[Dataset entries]

--- START ---

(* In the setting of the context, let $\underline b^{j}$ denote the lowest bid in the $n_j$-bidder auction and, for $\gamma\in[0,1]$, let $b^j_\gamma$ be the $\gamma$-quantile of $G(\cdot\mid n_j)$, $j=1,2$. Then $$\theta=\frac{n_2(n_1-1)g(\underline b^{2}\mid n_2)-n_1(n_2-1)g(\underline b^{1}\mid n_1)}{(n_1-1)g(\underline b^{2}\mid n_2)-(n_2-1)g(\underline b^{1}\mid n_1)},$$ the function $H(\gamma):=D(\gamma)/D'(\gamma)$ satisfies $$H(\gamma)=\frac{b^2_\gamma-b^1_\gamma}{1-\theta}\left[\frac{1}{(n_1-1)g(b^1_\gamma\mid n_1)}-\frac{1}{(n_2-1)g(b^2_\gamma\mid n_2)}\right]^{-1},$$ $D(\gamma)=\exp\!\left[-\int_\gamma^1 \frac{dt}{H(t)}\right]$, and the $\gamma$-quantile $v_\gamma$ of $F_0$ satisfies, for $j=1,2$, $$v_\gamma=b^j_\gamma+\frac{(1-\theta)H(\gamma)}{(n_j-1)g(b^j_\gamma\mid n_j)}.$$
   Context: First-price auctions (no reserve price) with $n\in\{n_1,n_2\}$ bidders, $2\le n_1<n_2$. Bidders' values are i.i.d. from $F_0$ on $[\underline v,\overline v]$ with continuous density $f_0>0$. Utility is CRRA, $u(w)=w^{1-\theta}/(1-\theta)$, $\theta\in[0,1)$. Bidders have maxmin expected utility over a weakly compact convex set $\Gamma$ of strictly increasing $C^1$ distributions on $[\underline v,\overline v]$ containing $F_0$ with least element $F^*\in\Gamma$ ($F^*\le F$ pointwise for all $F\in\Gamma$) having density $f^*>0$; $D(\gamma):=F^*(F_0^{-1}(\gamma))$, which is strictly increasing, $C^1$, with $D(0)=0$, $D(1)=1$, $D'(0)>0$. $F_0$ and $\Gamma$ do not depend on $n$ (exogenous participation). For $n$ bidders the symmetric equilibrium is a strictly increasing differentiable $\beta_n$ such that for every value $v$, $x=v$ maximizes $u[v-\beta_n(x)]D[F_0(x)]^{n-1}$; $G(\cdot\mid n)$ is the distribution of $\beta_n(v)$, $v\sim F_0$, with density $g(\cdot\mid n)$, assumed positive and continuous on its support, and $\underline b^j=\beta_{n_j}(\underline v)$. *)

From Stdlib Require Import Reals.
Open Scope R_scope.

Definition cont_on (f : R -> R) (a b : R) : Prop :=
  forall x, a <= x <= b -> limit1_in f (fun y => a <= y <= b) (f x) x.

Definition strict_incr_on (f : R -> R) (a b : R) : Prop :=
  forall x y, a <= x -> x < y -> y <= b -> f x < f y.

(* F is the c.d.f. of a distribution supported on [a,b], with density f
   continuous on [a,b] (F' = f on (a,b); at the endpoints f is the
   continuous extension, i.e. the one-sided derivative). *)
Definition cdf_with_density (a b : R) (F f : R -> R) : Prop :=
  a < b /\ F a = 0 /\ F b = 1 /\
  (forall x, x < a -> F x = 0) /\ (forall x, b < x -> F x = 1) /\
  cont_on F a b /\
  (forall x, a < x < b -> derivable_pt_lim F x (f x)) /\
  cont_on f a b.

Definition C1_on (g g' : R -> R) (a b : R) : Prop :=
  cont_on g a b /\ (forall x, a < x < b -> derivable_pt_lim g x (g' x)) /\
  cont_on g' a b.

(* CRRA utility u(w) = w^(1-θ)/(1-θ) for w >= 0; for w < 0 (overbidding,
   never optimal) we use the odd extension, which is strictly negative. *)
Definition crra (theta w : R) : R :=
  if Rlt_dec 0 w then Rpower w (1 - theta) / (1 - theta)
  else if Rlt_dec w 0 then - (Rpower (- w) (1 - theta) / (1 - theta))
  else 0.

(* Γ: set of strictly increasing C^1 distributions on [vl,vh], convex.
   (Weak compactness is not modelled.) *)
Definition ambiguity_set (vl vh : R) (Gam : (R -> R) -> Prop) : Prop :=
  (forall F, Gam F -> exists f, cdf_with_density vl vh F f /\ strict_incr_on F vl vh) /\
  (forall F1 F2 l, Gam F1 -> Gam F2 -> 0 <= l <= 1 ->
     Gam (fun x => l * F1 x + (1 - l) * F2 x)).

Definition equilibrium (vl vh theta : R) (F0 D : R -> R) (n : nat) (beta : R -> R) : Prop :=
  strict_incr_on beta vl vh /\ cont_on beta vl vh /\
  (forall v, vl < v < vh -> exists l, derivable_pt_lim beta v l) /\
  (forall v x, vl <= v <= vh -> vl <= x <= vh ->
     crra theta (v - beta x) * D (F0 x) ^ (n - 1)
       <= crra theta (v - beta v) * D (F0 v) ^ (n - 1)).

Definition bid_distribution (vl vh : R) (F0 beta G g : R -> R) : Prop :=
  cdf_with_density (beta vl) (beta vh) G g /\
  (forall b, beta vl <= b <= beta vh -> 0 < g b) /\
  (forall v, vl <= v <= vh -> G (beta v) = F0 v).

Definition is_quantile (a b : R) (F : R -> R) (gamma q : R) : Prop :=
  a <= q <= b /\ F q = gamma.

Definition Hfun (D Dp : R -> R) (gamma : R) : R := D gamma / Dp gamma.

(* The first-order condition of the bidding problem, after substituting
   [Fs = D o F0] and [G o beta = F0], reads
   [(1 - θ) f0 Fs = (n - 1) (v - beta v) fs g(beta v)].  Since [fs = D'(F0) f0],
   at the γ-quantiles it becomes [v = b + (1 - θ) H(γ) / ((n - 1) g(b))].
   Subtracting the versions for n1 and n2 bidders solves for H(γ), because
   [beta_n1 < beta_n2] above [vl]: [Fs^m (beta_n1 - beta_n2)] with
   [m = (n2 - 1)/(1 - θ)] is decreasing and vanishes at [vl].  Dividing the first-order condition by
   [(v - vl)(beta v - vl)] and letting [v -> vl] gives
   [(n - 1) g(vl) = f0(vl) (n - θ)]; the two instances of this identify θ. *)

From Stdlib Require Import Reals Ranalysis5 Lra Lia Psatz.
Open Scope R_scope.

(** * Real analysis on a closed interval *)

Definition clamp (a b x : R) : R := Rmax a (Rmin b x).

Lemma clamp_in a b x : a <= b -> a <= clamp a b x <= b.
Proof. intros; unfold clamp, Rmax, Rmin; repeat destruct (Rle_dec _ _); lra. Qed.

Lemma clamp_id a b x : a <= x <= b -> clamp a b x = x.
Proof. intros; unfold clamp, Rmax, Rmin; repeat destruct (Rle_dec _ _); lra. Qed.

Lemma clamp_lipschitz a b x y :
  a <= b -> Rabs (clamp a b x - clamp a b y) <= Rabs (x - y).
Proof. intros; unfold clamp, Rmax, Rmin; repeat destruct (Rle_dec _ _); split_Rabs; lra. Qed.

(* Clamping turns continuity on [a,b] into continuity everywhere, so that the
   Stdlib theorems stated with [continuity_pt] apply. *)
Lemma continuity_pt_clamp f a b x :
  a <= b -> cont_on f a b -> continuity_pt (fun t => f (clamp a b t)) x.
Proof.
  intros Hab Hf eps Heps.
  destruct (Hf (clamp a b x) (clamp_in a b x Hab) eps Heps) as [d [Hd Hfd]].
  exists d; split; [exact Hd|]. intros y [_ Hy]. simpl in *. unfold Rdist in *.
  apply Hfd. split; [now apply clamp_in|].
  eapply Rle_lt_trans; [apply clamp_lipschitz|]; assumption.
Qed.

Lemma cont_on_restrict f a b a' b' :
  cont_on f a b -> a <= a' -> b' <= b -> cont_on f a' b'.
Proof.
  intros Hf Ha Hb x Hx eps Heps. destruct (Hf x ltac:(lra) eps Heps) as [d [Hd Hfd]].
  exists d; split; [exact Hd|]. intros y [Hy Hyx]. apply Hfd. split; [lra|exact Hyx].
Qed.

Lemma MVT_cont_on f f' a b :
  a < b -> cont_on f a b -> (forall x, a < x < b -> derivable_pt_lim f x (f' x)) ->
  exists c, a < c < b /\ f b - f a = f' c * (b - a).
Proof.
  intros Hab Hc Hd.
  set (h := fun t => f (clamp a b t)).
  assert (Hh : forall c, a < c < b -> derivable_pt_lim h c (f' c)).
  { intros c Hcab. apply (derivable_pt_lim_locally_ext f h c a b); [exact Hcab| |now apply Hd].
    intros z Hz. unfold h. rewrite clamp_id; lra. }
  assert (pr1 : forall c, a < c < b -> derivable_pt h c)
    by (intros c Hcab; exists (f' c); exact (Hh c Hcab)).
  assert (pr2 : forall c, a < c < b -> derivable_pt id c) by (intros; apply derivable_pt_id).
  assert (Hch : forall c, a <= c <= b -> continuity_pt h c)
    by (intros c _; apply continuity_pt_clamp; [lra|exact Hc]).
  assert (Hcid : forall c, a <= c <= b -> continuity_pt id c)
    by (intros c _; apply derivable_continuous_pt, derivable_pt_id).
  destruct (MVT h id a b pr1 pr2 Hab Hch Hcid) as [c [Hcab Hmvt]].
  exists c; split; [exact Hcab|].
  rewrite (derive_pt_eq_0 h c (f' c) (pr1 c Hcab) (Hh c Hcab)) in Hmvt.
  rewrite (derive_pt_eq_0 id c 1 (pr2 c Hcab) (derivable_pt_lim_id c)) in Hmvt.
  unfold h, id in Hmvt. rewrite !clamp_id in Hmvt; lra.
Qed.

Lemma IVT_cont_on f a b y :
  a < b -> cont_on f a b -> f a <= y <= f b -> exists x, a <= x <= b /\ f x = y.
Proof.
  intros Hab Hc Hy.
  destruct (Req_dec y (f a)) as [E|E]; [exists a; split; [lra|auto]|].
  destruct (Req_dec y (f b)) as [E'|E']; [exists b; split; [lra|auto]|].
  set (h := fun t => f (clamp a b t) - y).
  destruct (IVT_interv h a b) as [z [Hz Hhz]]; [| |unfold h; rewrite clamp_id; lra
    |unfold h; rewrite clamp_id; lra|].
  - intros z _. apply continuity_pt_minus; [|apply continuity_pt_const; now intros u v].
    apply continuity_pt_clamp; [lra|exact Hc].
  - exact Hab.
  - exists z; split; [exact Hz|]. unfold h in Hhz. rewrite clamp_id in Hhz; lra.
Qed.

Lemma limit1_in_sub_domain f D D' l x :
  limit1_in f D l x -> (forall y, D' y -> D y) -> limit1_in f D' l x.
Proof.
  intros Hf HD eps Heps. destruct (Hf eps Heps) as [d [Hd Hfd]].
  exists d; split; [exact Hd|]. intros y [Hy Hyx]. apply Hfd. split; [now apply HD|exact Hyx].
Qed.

--- END ---

On how many lines above does the word "destruct" appear? Only the number should be given.

> Output for this task
10